Exercise directions - Below are entries. Copy exactly the lines running from the line that holds "Definition vanishes_on_X (n" to the line that holds "[exists k : 'I_s, (m2 k < m1 k)%N &&", with both ends included.

Start of Input material

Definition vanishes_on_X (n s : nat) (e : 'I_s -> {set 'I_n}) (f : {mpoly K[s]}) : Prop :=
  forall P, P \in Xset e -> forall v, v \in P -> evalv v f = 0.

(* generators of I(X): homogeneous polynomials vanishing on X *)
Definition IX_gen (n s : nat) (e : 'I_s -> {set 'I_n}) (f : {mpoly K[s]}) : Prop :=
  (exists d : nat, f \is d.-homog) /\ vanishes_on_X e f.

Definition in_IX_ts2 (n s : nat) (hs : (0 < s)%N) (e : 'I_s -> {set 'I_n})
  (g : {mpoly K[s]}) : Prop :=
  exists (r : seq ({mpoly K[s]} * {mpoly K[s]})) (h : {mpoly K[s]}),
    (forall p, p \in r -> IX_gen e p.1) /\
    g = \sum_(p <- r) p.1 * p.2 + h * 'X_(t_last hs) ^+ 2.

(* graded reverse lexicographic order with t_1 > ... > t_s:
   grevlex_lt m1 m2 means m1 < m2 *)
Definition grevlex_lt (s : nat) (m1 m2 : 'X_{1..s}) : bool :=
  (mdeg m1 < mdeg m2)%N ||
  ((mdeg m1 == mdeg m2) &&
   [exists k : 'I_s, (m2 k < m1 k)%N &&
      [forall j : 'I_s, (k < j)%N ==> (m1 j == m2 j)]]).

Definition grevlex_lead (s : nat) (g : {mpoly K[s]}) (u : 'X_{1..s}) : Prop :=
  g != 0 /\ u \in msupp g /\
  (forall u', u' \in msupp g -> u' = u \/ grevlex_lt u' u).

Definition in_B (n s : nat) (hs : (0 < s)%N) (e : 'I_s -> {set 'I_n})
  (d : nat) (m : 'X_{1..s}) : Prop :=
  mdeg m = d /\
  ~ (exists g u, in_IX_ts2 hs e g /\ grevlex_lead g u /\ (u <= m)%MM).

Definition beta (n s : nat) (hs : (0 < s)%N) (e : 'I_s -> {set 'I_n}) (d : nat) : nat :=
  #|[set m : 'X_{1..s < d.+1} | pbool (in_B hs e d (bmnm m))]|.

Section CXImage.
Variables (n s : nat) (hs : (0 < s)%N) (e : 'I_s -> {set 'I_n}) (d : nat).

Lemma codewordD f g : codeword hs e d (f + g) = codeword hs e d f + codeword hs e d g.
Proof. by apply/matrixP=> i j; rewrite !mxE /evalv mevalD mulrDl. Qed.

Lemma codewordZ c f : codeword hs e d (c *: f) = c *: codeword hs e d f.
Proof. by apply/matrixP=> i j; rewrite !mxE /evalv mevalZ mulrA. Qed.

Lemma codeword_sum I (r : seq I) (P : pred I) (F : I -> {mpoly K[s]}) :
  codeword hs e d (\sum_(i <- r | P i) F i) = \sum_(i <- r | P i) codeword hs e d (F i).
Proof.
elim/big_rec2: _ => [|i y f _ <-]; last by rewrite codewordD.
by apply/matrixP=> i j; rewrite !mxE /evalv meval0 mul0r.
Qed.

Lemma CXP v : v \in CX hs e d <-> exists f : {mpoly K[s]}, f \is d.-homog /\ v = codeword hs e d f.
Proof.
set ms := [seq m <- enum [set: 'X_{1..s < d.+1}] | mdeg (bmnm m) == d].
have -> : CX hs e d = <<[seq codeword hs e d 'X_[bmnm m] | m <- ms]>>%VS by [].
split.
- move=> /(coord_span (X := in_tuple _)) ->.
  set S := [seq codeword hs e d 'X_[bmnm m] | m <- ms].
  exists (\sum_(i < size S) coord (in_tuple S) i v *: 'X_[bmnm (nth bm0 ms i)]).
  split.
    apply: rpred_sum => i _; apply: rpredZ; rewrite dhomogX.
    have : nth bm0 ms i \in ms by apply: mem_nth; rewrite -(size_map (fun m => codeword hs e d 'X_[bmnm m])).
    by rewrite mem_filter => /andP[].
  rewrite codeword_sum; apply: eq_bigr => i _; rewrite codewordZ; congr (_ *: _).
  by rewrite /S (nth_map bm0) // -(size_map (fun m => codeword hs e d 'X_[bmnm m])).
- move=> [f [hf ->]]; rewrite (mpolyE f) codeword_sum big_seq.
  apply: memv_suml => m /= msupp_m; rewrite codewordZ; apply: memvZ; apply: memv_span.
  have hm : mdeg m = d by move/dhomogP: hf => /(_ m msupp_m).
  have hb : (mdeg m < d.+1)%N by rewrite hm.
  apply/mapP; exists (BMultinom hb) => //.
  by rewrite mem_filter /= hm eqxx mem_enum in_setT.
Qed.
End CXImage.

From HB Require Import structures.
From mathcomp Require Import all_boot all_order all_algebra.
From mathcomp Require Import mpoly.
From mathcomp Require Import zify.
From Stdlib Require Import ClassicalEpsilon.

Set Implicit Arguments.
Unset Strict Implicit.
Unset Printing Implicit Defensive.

End of Input material
Start of Input material

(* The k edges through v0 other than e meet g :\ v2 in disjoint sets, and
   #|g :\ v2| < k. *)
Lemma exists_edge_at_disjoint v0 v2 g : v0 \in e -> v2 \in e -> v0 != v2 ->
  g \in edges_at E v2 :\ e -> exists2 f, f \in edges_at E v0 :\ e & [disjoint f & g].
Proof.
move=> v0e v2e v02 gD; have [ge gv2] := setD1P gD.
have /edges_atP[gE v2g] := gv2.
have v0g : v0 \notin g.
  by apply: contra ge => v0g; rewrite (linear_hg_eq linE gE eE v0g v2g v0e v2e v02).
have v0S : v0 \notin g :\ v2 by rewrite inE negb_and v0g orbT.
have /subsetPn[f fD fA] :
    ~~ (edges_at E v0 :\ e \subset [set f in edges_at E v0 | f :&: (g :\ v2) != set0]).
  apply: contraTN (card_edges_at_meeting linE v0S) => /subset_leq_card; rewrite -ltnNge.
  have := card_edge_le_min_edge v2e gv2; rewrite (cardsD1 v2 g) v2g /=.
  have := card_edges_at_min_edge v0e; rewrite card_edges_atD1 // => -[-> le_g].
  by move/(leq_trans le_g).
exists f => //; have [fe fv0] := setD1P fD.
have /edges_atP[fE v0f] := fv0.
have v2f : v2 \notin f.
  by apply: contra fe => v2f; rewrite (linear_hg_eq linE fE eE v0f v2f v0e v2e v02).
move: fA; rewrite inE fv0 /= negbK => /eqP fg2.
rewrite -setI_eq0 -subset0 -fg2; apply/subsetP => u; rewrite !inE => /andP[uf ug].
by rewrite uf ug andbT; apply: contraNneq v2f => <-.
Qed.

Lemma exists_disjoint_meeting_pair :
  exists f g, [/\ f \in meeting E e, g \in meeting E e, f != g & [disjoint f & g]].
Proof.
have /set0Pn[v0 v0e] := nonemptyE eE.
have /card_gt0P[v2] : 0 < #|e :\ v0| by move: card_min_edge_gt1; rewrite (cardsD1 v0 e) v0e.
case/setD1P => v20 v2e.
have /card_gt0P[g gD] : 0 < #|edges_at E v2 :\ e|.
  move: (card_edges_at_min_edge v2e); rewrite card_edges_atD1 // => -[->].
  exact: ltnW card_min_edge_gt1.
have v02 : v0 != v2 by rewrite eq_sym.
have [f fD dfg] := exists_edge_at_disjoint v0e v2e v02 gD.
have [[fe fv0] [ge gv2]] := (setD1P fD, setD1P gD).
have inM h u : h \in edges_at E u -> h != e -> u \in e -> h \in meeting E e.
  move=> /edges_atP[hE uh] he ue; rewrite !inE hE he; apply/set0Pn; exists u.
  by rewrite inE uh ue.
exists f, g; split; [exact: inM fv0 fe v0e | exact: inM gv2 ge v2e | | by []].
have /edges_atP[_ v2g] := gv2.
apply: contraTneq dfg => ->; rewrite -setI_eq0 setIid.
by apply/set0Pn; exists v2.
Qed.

End of Input material

Output -
Definition vanishes_on_X (n s : nat) (e : 'I_s -> {set 'I_n}) (f : {mpoly K[s]}) : Prop :=
  forall P, P \in Xset e -> forall v, v \in P -> evalv v f = 0.

(* generators of I(X): homogeneous polynomials vanishing on X *)
Definition IX_gen (n s : nat) (e : 'I_s -> {set 'I_n}) (f : {mpoly K[s]}) : Prop :=
  (exists d : nat, f \is d.-homog) /\ vanishes_on_X e f.

Definition in_IX_ts2 (n s : nat) (hs : (0 < s)%N) (e : 'I_s -> {set 'I_n})
  (g : {mpoly K[s]}) : Prop :=
  exists (r : seq ({mpoly K[s]} * {mpoly K[s]})) (h : {mpoly K[s]}),
    (forall p, p \in r -> IX_gen e p.1) /\
    g = \sum_(p <- r) p.1 * p.2 + h * 'X_(t_last hs) ^+ 2.

(* graded reverse lexicographic order with t_1 > ... > t_s:
   grevlex_lt m1 m2 means m1 < m2 *)
Definition grevlex_lt (s : nat) (m1 m2 : 'X_{1..s}) : bool :=
  (mdeg m1 < mdeg m2)%N ||
  ((mdeg m1 == mdeg m2) &&
   [exists k : 'I_s, (m2 k < m1 k)%N &&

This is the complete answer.